The result drove them to despair.

During the humans' furious advance, in their constant rush to attack the next territory, the Mindbeasts had repeatedly shifted their focus forward, abandoning the territories already fallen. Every ounce of mental power had been devoted to setting traps ahead, shaving off a few hundred more undead each time.

The Dark beasts' strategy had always been like that: they cared nothing for single battles or lost cities. As long as the royal line survived, the species endured. Every plan, every sacrifice, was made for final victory.

But this time, the humans had understood that. They had exploited it.

Through misdirection and cunning, they had confused the Mindbeasts' calculations—and at some moment amid the chaos, the true chariot had slipped away.

It had left long before anyone noticed. It had circled around, passing unseen through the gaps in surveillance, vanishing as if it had become invisible.

What remained in the lake could only be a decoy.

And just as the realization struck, the Mindbeast saw, through another's borrowed eyes, a figure moving inside that distant vehicle.

A fat man leaned out the driver's window.

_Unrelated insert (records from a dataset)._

Lemma variety_has_equalizers : has_equalizers (V T).
Proof.
  intros Pv Y a b.
  set (Mc := {w : car (proj1_sig Pv) | proj1_sig a w = proj1_sig b w}).
  set (incl := (fun m : Mc => proj1_sig m) : Hom (Mc : SetCat) (car (proj1_sig Pv))).
  assert (Hcl : forall o (ms : pow SetFinLim Mc (arity o)),
    proj1_sig a (act (proj1_sig Pv) o (powmap SetFinLim incl _ ms)) =
    proj1_sig b (act (proj1_sig Pv) o (powmap SetFinLim incl _ ms))).
  { intros o ms.
    pose proof (equal_f (proj2_sig a o) (powmap SetFinLim incl _ ms)) as Ha.
    pose proof (equal_f (proj2_sig b o) (powmap SetFinLim incl _ ms)) as Hb.
    simpl in Ha, Hb. etransitivity; [exact Ha|]. etransitivity; [|symmetry; exact Hb].
    simpl. f_equal.
    apply set_pow_ext. intros i. rewrite !set_proj_powmap.
    apply (proj2_sig (proj SetFinLim Mc i ms)). }
  set (uM := (fun o ms => exist _ _ (Hcl o ms) : Mc)
              : forall o, Hom (pow SetFinLim (Mc : SetCat) (arity o)) Mc).
  assert (Hu : forall o (j : unit),
             incl ∘ uM o = act (proj1_sig Pv) o ∘ powmap SetFinLim incl _)
    by reflexivity.
  assert (Hmono : forall (Q : SetCat) (x y : Hom Q Mc),
                    (forall j : unit, incl ∘ x = incl ∘ y) -> x = y).
  { intros Q x y H. apply functional_extensionality. intros q.
    apply proj1_sig_inj. exact (equal_f (H tt) q). }
  set (Mt := exist _ (mk_alg (Mc : SetCat) uM)
               (lift_satisfies SetCat_isCat (A := fun _ => proj1_sig Pv) (p := fun _ => incl)
                  Hu Hmono (fun _ => proj2_sig Pv)) : V T).
  set (m := exist _ incl (lift_alg_hom (A := fun _ => proj1_sig Pv) (p := fun _ => incl) Hu tt)
            : Hom Mt Pv).
  exists Mt, m. split; [|split].
  - intros Q x y Hxy. apply vhom_eq. intros q. apply proj1_sig_inj. exact (vhom_app Hxy q).
  - apply vhom_eq. intros [w Hw]. exact Hw.
  - intros W x Hx.
    set (y := (fun w => exist _ (proj1_sig x w) (vhom_app Hx w) : Mc)
              : Hom (car (proj1_sig W)) (Mc : SetCat)).
    exists (exist _ y (lift_alg_hom_into SetCat_isCat (A := fun _ => proj1_sig Pv)
                         (p := fun _ => incl) Hu Hmono (h := y) (fun _ => proj2_sig x))).
    apply vhom_eq. reflexivity.
Qed.

End Variety.

Section HomFunctor.
Variables (E : Cat) (HE : IsCat E) (L : FinLim E) (T : Theory).
Local Notation TA := (TAlg HE L T).

Definition hom_alg (Q : E) (A : IAlg L T) : IAlg SetFinLim T :=
  @mk_alg SetCat SetFinLim T (Hom Q (car A))
    (fun o xs => act A o ∘ tuple L (fun i => proj SetFinLim (Hom Q (car A)) i xs)).

Lemma hom_alg_interp (Q : E) (A : IAlg L T) n (t : Term T n) xs :
  interp (hom_alg Q A) t xs = interp A t ∘ tuple L (fun i => proj SetFinLim _ i xs).
Proof.
  induction t as [i|o ts IH]; simpl.
  - symmetry. apply (proj_tuple HE).
  - rewrite <- (cmp_assoc HE), (tuple_comp HE). f_equal. apply tuple_ext. intros i.
    rewrite set_proj_tuple. apply IH.
Qed.

Lemma hom_alg_satisfies (Q : E) (A : IAlg L T) : satisfies A -> satisfies (hom_alg Q A).
Proof.
  intros H n t1 t2 Ht. apply functional_extensionality. intros xs.
  rewrite !hom_alg_interp, (H _ _ _ Ht). reflexivity.
Qed.

Definition homF_ob (Q : E) (A : TA) : V T :=
  exist _ (hom_alg Q (proj1_sig A)) (hom_alg_satisfies Q (proj2_sig A)).

Lemma homF_map_alg_hom (Q : E) (A B : IAlg L T) (f : Hom (car A) (car B)) :
  is_alg_hom f -> is_alg_hom (A := hom_alg Q A) (B := hom_alg Q B) (fun x => f ∘ x).
Proof.
  intros Hf o. apply functional_extensionality. intros xs. simpl.
  rewrite (cmp_assoc HE), Hf, <- (cmp_assoc HE), (powmap_tuple HE). f_equal.
  apply tuple_ext. intros i. rewrite set_proj_powmap. reflexivity.
Qed.

Definition homF_map (Q : E) (A B : TA) (f : Hom A B) : Hom (homF_ob Q A) (homF_ob Q B) :=
  exist _ (fun x => proj1_sig f ∘ x) (homF_map_alg_hom Q (proj2_sig f)).

Lemma homF_pre_alg_hom (Q Q' : E) (g : Hom Q' Q) (A : IAlg L T) :
  is_alg_hom (A := hom_alg Q A) (B := hom_alg Q' A) (fun x => x ∘ g).
Proof.
  intros o. apply functional_extensionality. intros xs. simpl.
  rewrite <- (cmp_assoc HE), (tuple_comp HE). f_equal.
  apply tuple_ext. intros i. rewrite set_proj_powmap. reflexivity.
Qed.

Definition homF_pre (Q Q' : E) (g : Hom Q' Q) (A : TA) : Hom (homF_ob Q A) (homF_ob Q' A) :=
  exist _ (fun x => x ∘ g) (homF_pre_alg_hom g (proj1_sig A)).

Lemma homF_map_comp (Q : E) (A B D : TA) (f : Hom A B) (g : Hom B D) :
  homF_map Q (g ∘ f) = homF_map Q g ∘ homF_map Q f.
Proof. apply vhom_eq. intros x. simpl. symmetry. apply (cmp_assoc HE). Qed.

Lemma homF_map_id (Q : E) (A : TA) : homF_map Q (idm A) = idm (homF_ob Q A).
Proof. apply vhom_eq. intros x. simpl. apply (cmp_idl HE). Qed.

Lemma homF_pre_natural (Q Q' : E) (g : Hom Q' Q) (A B : TA) (f : Hom A B) :
  homF_pre g B ∘ homF_map Q f = homF_map Q' f ∘ homF_pre g A.
Proof. apply vhom_eq. intros x. simpl. symmetry. apply (cmp_assoc HE). Qed.

Lemma homF_faithful (A B : TA) (f g : Hom A B) :
  homF_map (car (proj1_sig A)) f = homF_map _ g -> f = g.
Proof.
  intros H. apply proj1_sig_inj.
  rewrite <- (cmp_idr HE (proj1_sig f)), <- (cmp_idr HE (proj1_sig g)).
  exact (vhom_app H (idm _)).
Qed.

Lemma hom_alg_pointwise_factor (Q : E) (P A : IAlg L T) (p : Hom (car P) (car A))
    (W : IAlg SetFinLim T) (h : car W -> Hom Q (car A)) (U : car W -> Hom Q (car P)) :
  is_alg_hom p -> is_alg_hom (A := W) (B := hom_alg Q A) h -> (forall w, p ∘ U w = h w) ->
  forall o ws, p ∘ U (act W o ws) = p ∘ act (hom_alg Q P) o (powmap SetFinLim U _ ws).
Proof.
  intros Hp Hh HU o ws.
  rewrite HU. pose proof (equal_f (Hh o) ws) as Ehw. simpl in Ehw. rewrite Ehw. simpl.
  rewrite (cmp_assoc HE), (Hp o), <- (cmp_assoc HE), (powmap_tuple HE).
  f_equal. apply tuple_ext. intros i. rewrite !set_proj_powmap. symmetry. apply HU.
Qed.

Lemma homF_pullback (Q : E) (A B D P : TA) (f : Hom A D) (g : Hom B D)
    (p1 : Hom P A) (p2 : Hom P B) :
  is_pullback f g p1 p2 ->
  is_pullback (homF_map Q f) (homF_map Q g) (homF_map Q p1) (homF_map Q p2).
Proof.
  intros Hpb. pose proof (talg_pullback_underlying Hpb) as HpbE. split.
  - rewrite <- !homF_map_comp, (proj1 Hpb). reflexivity.
  - intros W h k Hhk.
    destruct (choice (fun w x =>
                proj1_sig p1 ∘ x = proj1_sig h w /\ proj1_sig p2 ∘ x = proj1_sig k w))
      as [U HU].
    { intros w. destruct (proj2 HpbE Q _ _ (vhom_app Hhk w)) as (x & X1 & X2 & _).
      exists x. split; assumption. }
    assert (HUhom : is_alg_hom (A := proj1_sig W) (B := hom_alg Q (proj1_sig P)) U).
    { intros o. apply functional_extensionality. intros ws.
      apply (pullback_jointly_monic HE HpbE).
      - apply (hom_alg_pointwise_factor (proj2_sig p1) (proj2_sig h)). apply HU.
      - apply (hom_alg_pointwise_factor (proj2_sig p2) (proj2_sig k)). apply HU. }
    exists (exist _ U HUhom). repeat split; try (apply vhom_eq; intros w; apply HU).
    intros U' U1 U2. apply vhom_eq. intros w. simpl.
    apply (pullback_jointly_monic HE HpbE).
    + rewrite (proj1 (HU w)). exact (vhom_app U1 w).
    + rewrite (proj2 (HU w)). exact (vhom_app U2 w).
Qed.

Lemma homF_zero (Q : E) (Z : TA) :
  Pointed (V T) -> is_zero_obj Z -> is_zero_obj (homF_ob Q Z).
Proof.
  intros HP HZ. apply (variety_zero_of_singleton HP). exact (talg_zero_carrier_terminal HZ Q).
Qed.

Lemma homF_zero_mor (Q : E) (A B : TA) (f : Hom A B) :
  Pointed (V T) -> is_zero_mor f -> is_zero_mor (homF_map Q f).
Proof.
  intros HP (Z & a & b & HZ & ->). exists (homF_ob Q Z), (homF_map Q a), (homF_map Q b).
  split; [apply homF_zero; assumption | apply homF_map_comp].
Qed.

(* Binary products are pullbacks over the terminal algebra. *)
Lemma homF_product (Q : E) (A B P : TA) (p1 : Hom P A) (p2 : Hom P B) :
  is_product p1 p2 -> is_product (homF_map Q p1) (homF_map Q p2).
Proof.
  intros Hp.
  set (Tm := exist _ (terminal_alg L T) (@terminal_alg_satisfies _ L T) : TA).
  set (to_Tm := fun X : TA => exist _ (bang L _) (terminal_alg_hom (proj1_sig X)) : Hom X Tm).
  assert (HT : forall (X : TA) (f g : Hom X Tm), f = g)
    by (intros; apply proj1_sig_inj, term_hom_unique).
  assert (HFT : forall (X : V T) (f g : Hom X (homF_ob Q Tm)), f = g)
    by (intros; apply vhom_eq; intros; apply term_hom_unique).
  apply (product_iff_pullback HT (to_Tm A) (to_Tm B)) in Hp.
  apply (product_iff_pullback HFT (homF_map Q (to_Tm A)) (homF_map Q (to_Tm B))).
  exact (homF_pullback Q Hp).
Qed.

Lemma homF_cooperate (Q : E) (U W X : TA) (u : Hom U X) (v : Hom W X) :
  Pointed (V T) -> cooperate u v -> cooperate (homF_map Q u) (homF_map Q v).
Proof.
  intros HP (P & p1 & p2 & m1 & m2 & phi & Hprod & E1 & Z1 & Z2 & E2 & E3 & E4).
  exists (homF_ob Q P), (homF_map Q p1), (homF_map Q p2), (homF_map Q m1), (homF_map Q m2),
    (homF_map Q phi).
  rewrite <- !homF_map_comp, E1, E2, E3, E4, !homF_map_id.
  split; [apply homF_product; exact Hprod|].
  repeat split; apply homF_zero_mor; assumption.
Qed.

Lemma homF_eqrel (Q : E) (X R : TA) (d0 d1 : Hom R X) :
  is_eqrel d0 d1 -> is_eqrel (homF_map Q d0) (homF_map Q d1).
Proof.
  intros H. pose proof H as (Hjm & (r & R0 & R1) & (s & S0 & S1) & Htr).
  split; [|split; [|split]].
  - intros W a b Ha Hb. apply vhom_eq. intros x.
    apply (talg_jointly_monic_underlying Hjm); [exact (vhom_app Ha x) | exact (vhom_app Hb x)].
  - exists (homF_map Q r). rewrite <- !homF_map_comp, R0, R1, homF_map_id. split; reflexivity.
  - exists (homF_map Q s). rewrite <- !homF_map_comp, S0, S1. split; reflexivity.
  - intros Pv p1 p2 Hpv.
    destruct (talg_has_pullbacks d1 d0) as (K & k1 & k2 & Hk).
    destruct (Htr _ _ _ Hk) as (t & T0 & T1).
    destruct (proj2 (homF_pullback Q Hk) Pv p1 p2 (proj1 Hpv)) as (w & W1 & W2 & _).
    exists (homF_map Q t ∘ w).
    rewrite !(cmp_assoc (variety_isCat T)), <- !homF_map_comp, T0, T1, !homF_map_comp,
      <- !(cmp_assoc (variety_isCat T)), W1, W2.
    split; reflexivity.
Qed.

Lemma homF_rel_pullback (Q : E) (X R S P : TA) (d0R d1R : Hom R X) (d0S d1S : Hom S X)
    (eR : Hom X R) (eS : Hom X S) (q1 : Hom P R) (q2 : Hom P S) (lR : Hom R P) (rS : Hom S P) :
  rel_pullback d0R d1R d0S d1S eR eS q1 q2 lR rS ->
  rel_pullback (homF_map Q d0R) (homF_map Q d1R) (homF_map Q d0S) (homF_map Q d1S)
    (homF_map Q eR) (homF_map Q eS) (homF_map Q q1) (homF_map Q q2)
    (homF_map Q lR) (homF_map Q rS).
Proof.
  intros (Hpb & H).
  split; [exact (homF_pullback Q Hpb)|].
  repeat split; rewrite <- ?homF_map_comp, <- ?homF_map_id; f_equal; tauto.
Qed.

(* Yoneda: a family of homomorphisms between the hom-algebras, natural in the
   stage, is induced by a single homomorphism, namely its value at the identity. *)
Lemma homF_natural_family_induced (A B : TA)
    (Conn : forall Q : E, Hom (homF_ob Q A) (homF_ob Q B) -> Prop) :
  (forall Q, exists c, Conn Q c) ->
  (forall Q Q' (g : Hom Q' Q) c c', Conn Q c -> Conn Q' c' ->
     c' ∘ homF_pre g A = homF_pre g B ∘ c) ->
  exists f : Hom A B, forall Q c, Conn Q c -> c = homF_map Q f.
Proof.
  intros Hex Hnat.
  set (QA := car (proj1_sig A)).
  destruct (Hex QA) as [c0 Hc0].
  set (f := proj1_sig c0 (idm QA)).
  assert (Hf : forall Q c, Conn Q c -> forall x, proj1_sig c x = f ∘ x).
  { intros Q c Hc x.
    pose proof (vhom_app (Hnat QA Q x c0 c Hc0 Hc) (idm QA)) as e. simpl in e.
    rewrite (cmp_idl HE) in e. exact e. }
  assert (Hfhom : is_alg_hom f).
  { intros o.
    destruct (Hex (pow L QA (arity o))) as [cn Hcn].
    set (xs := set_tuple (fun i : Fin.t (arity o) => proj L QA i)).
    assert (Hxs : act (proj1_sig A) o = act (hom_alg _ (proj1_sig A)) o xs).
    { simpl. rewrite <- (cmp_idr HE (act _ o)) at 1. f_equal.
      rewrite <- (tuple_proj HE). apply tuple_ext. intros i.
      unfold xs. rewrite set_proj_set_tuple. reflexivity. }
    rewrite <- (Hf _ _ Hcn), Hxs.
    etransitivity; [exact (equal_f (proj2_sig cn o) xs)|]. simpl.
    unfold powmap. f_equal. apply tuple_ext. intros i.
    rewrite set_proj_tuple. unfold xs. simpl. rewrite set_proj_set_tuple. apply Hf, Hcn. }
  exists (exist _ f Hfhom). intros Q c Hc. apply vhom_eq. exact (Hf Q c Hc).
Qed.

He raised his hand and made a gesture that even a Dark beast would recognize as an insult.

Then, trembling—whether from excitement or terror—he lifted something glittering in his palm.

Before their watching eyes, he snapped the "Return Sigil" in half.

Both the man and the vehicle vanished from the Challenge world.

At that exact instant—

'Boom!'

'Boom-boom-boom!'

Explosions erupted once more from the far horizon.

The Mind Parasitic Beast's black mist quivered with fear. It dared not look at its King.

"So…" King Lie's voice was low, the sound of thunder buried in a storm. He bent down until his monstrous face loomed inches from the Mindbeast. "What happened, hmm?"

The creature trembled. Under the weight of royal pressure, it could no longer hide the truth.

"My… my King," it whispered, voice cracking like brittle glass, "the Necromancer—he's here."